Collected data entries
Start of Block

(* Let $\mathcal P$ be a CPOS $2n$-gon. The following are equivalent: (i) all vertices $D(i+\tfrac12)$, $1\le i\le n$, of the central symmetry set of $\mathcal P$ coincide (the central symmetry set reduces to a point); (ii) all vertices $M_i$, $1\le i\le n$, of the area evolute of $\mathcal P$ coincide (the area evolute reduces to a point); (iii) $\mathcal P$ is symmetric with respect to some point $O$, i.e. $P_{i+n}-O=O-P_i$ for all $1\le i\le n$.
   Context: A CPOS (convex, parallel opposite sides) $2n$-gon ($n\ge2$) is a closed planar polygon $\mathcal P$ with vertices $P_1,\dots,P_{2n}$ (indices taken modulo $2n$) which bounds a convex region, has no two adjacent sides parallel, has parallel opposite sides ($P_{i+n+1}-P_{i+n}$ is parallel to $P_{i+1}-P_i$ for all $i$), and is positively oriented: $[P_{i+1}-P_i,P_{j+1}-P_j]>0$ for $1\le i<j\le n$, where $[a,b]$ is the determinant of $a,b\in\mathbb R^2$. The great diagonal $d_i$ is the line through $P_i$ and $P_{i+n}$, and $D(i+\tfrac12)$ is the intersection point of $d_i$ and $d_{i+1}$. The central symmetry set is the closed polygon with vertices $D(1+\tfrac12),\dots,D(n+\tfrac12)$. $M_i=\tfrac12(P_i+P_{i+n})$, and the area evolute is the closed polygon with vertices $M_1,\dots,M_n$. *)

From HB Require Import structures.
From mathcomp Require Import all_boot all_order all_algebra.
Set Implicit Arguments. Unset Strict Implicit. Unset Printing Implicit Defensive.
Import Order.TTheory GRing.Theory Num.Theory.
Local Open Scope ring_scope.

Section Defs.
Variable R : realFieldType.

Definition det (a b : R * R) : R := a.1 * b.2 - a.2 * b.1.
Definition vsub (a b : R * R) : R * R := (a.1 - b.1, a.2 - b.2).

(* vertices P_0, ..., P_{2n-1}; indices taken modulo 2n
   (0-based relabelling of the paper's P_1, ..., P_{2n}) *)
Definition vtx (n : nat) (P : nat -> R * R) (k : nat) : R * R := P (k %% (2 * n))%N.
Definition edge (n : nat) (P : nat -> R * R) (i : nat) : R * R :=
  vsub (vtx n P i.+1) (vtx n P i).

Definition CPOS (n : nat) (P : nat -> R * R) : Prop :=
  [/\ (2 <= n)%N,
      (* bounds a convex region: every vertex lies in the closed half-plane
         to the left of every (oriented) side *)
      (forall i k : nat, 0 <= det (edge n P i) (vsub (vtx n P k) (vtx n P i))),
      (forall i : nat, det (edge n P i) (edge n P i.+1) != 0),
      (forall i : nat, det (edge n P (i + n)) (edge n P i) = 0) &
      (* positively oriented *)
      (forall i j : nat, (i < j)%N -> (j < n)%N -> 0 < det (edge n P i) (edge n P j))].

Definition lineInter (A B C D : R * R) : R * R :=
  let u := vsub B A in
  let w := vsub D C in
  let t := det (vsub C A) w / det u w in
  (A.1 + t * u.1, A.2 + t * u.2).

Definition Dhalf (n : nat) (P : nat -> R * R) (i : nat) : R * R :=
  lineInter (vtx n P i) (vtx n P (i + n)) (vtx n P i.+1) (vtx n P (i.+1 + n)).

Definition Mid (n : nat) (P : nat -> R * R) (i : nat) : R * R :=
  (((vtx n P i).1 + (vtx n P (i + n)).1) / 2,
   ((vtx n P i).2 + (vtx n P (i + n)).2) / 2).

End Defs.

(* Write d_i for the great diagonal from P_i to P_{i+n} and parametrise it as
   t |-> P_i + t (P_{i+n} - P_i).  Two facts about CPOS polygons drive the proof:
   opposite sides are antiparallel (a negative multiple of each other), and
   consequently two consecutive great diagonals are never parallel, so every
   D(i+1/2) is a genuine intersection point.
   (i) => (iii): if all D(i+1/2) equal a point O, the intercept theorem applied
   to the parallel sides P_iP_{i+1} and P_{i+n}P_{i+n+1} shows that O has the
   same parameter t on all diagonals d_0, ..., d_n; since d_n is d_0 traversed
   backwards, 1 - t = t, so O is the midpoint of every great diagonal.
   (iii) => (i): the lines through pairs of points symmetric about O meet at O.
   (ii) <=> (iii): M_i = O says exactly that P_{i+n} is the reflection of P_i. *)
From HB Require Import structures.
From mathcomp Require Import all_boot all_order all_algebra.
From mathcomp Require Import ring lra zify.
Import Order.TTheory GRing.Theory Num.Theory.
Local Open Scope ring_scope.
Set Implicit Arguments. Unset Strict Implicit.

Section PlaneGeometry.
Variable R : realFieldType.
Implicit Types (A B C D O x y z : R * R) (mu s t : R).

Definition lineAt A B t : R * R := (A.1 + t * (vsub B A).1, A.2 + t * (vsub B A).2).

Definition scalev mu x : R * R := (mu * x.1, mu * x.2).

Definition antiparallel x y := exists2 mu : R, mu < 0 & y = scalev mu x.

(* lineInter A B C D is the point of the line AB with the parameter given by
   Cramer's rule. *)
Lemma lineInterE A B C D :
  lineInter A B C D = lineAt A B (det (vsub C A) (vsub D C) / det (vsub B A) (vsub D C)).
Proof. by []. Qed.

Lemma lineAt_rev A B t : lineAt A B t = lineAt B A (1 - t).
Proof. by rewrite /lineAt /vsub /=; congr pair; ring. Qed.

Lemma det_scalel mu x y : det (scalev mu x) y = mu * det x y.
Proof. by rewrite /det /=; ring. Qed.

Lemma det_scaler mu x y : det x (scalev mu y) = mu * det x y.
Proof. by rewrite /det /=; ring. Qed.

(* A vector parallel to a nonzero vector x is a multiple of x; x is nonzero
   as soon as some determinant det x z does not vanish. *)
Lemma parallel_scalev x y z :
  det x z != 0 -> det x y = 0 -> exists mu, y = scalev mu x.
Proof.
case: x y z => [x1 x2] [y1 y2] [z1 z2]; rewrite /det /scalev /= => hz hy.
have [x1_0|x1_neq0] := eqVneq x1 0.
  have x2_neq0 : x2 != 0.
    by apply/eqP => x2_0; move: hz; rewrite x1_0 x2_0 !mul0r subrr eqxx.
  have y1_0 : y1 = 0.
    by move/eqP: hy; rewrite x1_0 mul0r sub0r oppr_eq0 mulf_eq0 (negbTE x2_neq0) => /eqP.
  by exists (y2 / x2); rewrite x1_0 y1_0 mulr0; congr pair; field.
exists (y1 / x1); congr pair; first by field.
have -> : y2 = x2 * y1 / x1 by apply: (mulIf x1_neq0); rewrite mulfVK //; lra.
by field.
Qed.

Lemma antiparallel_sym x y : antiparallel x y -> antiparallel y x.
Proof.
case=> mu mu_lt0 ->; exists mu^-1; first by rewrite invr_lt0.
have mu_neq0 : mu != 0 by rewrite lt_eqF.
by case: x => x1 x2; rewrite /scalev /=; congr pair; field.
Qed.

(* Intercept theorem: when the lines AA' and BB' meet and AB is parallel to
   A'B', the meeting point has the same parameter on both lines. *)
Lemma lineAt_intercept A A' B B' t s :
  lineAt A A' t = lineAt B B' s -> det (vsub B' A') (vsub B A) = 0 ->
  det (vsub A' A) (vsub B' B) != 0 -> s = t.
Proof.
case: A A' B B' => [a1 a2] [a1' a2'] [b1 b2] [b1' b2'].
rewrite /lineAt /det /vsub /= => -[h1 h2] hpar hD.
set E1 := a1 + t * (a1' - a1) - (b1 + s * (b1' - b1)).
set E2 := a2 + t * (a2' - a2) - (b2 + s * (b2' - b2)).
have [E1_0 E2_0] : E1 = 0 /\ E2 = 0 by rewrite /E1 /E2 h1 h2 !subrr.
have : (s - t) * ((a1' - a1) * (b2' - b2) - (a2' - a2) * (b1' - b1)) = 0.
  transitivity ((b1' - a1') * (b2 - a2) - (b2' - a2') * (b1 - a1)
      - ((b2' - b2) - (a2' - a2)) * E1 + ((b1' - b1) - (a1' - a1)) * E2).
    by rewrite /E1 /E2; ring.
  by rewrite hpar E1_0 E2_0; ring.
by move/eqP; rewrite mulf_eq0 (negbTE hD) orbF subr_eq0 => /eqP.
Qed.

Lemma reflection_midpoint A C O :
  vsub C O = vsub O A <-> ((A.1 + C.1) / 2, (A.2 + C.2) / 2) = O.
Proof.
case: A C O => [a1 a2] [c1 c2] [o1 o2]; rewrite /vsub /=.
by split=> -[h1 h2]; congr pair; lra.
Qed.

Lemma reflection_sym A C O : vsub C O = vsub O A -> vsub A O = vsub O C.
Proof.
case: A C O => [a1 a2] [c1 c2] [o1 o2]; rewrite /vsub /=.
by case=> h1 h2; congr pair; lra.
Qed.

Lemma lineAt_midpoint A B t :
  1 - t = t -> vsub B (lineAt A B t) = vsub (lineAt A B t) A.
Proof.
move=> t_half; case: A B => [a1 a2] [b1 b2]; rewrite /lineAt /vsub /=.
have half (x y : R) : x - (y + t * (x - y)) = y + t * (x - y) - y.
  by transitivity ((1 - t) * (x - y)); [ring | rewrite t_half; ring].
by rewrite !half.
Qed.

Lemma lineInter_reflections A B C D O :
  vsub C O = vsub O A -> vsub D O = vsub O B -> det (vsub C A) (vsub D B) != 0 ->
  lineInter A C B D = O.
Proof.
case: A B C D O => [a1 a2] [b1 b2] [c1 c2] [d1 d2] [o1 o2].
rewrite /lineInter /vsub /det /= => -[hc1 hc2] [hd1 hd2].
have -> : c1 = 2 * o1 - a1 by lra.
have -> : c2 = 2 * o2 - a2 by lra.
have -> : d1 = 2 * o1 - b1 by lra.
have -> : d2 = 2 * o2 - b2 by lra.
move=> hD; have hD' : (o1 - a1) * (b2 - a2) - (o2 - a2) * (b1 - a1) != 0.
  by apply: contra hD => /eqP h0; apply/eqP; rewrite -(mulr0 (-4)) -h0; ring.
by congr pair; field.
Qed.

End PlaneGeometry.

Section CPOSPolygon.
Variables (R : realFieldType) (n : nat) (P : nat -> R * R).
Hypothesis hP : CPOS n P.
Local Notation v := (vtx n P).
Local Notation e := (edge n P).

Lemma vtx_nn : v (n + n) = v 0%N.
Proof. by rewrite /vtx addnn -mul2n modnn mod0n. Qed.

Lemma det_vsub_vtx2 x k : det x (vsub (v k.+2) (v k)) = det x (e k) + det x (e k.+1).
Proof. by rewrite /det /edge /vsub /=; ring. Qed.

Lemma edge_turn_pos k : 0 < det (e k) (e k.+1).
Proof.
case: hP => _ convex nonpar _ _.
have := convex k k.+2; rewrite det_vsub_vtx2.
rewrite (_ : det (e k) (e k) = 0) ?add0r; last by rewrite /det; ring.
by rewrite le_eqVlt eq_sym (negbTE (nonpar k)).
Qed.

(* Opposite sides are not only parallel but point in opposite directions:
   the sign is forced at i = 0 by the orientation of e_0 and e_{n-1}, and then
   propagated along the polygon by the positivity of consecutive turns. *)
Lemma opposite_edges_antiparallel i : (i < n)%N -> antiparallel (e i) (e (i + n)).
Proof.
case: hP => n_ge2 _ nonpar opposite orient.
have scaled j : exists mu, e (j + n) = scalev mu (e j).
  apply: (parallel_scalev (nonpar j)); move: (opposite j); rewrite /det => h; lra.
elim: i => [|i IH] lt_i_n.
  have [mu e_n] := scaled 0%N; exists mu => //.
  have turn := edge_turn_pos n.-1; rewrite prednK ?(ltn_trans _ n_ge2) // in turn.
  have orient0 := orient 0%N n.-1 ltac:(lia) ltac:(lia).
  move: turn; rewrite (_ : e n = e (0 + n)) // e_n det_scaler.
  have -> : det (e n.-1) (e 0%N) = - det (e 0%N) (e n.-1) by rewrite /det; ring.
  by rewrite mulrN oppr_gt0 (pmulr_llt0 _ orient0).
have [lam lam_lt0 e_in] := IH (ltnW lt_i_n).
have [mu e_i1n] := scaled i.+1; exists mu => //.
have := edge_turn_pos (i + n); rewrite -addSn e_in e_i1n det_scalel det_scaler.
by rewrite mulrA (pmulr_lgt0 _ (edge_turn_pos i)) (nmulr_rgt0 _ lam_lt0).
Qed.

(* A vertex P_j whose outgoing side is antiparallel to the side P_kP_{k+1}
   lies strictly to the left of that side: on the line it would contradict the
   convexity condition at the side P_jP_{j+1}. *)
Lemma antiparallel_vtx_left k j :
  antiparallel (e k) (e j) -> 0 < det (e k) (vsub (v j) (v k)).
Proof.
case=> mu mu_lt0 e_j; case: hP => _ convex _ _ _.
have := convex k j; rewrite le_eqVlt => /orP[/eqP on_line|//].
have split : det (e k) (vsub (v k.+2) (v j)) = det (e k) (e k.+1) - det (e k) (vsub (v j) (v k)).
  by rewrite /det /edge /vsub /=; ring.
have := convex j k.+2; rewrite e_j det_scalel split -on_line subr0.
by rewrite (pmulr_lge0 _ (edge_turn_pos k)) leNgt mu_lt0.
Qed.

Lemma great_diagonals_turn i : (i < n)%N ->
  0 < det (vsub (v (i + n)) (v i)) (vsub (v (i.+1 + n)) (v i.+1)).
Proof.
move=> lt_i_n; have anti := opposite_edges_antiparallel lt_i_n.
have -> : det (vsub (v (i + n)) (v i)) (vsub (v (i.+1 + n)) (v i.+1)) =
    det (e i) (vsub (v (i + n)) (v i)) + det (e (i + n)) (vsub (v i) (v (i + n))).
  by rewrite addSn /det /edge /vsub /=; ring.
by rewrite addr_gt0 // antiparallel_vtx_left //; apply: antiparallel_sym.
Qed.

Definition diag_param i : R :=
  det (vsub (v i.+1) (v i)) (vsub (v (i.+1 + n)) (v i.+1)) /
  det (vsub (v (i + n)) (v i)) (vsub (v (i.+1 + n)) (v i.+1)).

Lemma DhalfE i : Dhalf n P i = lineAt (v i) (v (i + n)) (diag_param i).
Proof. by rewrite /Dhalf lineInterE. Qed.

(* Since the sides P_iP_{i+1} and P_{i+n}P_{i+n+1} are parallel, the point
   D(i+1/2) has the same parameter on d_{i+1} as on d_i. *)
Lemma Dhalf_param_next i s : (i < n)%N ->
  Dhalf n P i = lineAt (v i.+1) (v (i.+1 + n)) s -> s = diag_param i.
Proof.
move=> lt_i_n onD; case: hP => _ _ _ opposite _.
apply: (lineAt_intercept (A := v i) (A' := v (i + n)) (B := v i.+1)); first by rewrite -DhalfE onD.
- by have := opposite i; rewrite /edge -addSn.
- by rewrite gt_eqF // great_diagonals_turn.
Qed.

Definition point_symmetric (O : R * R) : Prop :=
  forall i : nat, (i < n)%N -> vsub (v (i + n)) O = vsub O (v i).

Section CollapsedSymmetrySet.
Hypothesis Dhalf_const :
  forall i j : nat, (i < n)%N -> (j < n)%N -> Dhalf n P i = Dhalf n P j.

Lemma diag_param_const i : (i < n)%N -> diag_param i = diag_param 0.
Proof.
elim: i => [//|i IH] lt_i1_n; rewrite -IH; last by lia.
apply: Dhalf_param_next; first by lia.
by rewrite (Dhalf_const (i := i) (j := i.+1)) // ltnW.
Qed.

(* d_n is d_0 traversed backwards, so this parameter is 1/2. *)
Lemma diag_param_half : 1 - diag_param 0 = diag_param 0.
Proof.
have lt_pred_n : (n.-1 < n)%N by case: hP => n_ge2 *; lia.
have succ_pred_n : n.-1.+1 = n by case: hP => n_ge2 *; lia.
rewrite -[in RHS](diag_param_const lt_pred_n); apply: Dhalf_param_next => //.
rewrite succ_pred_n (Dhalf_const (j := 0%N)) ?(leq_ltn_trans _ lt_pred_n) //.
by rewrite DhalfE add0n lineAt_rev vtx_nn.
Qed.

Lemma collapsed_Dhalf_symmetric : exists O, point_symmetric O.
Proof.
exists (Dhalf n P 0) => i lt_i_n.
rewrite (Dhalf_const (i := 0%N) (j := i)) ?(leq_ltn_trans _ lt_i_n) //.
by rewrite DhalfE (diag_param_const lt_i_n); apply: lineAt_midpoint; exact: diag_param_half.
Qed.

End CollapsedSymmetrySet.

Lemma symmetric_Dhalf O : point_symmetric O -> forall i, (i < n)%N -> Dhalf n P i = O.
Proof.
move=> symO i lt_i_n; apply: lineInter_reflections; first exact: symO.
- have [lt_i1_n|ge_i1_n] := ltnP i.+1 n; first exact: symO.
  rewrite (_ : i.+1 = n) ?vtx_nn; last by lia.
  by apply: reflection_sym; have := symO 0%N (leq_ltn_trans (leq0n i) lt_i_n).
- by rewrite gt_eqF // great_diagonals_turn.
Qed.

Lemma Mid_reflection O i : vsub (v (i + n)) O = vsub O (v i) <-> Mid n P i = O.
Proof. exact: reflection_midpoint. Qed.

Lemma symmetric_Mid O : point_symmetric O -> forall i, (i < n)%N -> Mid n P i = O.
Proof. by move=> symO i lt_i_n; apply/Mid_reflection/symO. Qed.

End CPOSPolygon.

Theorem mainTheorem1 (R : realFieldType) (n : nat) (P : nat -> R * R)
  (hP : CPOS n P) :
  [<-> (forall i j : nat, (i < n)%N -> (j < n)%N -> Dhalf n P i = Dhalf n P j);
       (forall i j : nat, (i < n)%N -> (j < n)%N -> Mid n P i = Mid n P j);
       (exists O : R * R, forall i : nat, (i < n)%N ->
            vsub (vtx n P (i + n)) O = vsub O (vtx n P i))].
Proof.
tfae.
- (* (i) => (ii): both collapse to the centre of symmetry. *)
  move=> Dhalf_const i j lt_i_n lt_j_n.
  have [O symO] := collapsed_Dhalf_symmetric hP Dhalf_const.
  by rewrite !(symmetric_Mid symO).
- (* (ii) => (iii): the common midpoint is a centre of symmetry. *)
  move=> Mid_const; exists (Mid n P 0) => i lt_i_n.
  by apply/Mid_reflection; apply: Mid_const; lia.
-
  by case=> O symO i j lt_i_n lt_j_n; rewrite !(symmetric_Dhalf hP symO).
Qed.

End of Block

* _What is expected_:
What you return must be an exact retyping of the lines above starting at the line with "Dhalf n P i = lineAt (v i.+1)" and ending at the line with "Dhalf n P j.", and nothing besides.

* _Answer space_:
  Dhalf n P i = lineAt (v i.+1) (v (i.+1 + n)) s -> s = diag_param i.
Proof.
move=> lt_i_n onD; case: hP => _ _ _ opposite _.
apply: (lineAt_intercept (A := v i) (A' := v (i + n)) (B := v i.+1)); first by rewrite -DhalfE onD.
- by have := opposite i; rewrite /edge -addSn.
- by rewrite gt_eqF // great_diagonals_turn.
Qed.

Definition point_symmetric (O : R * R) : Prop :=
  forall i : nat, (i < n)%N -> vsub (v (i + n)) O = vsub O (v i).

Section CollapsedSymmetrySet.
Hypothesis Dhalf_const :
  forall i j : nat, (i < n)%N -> (j < n)%N -> Dhalf n P i = Dhalf n P j.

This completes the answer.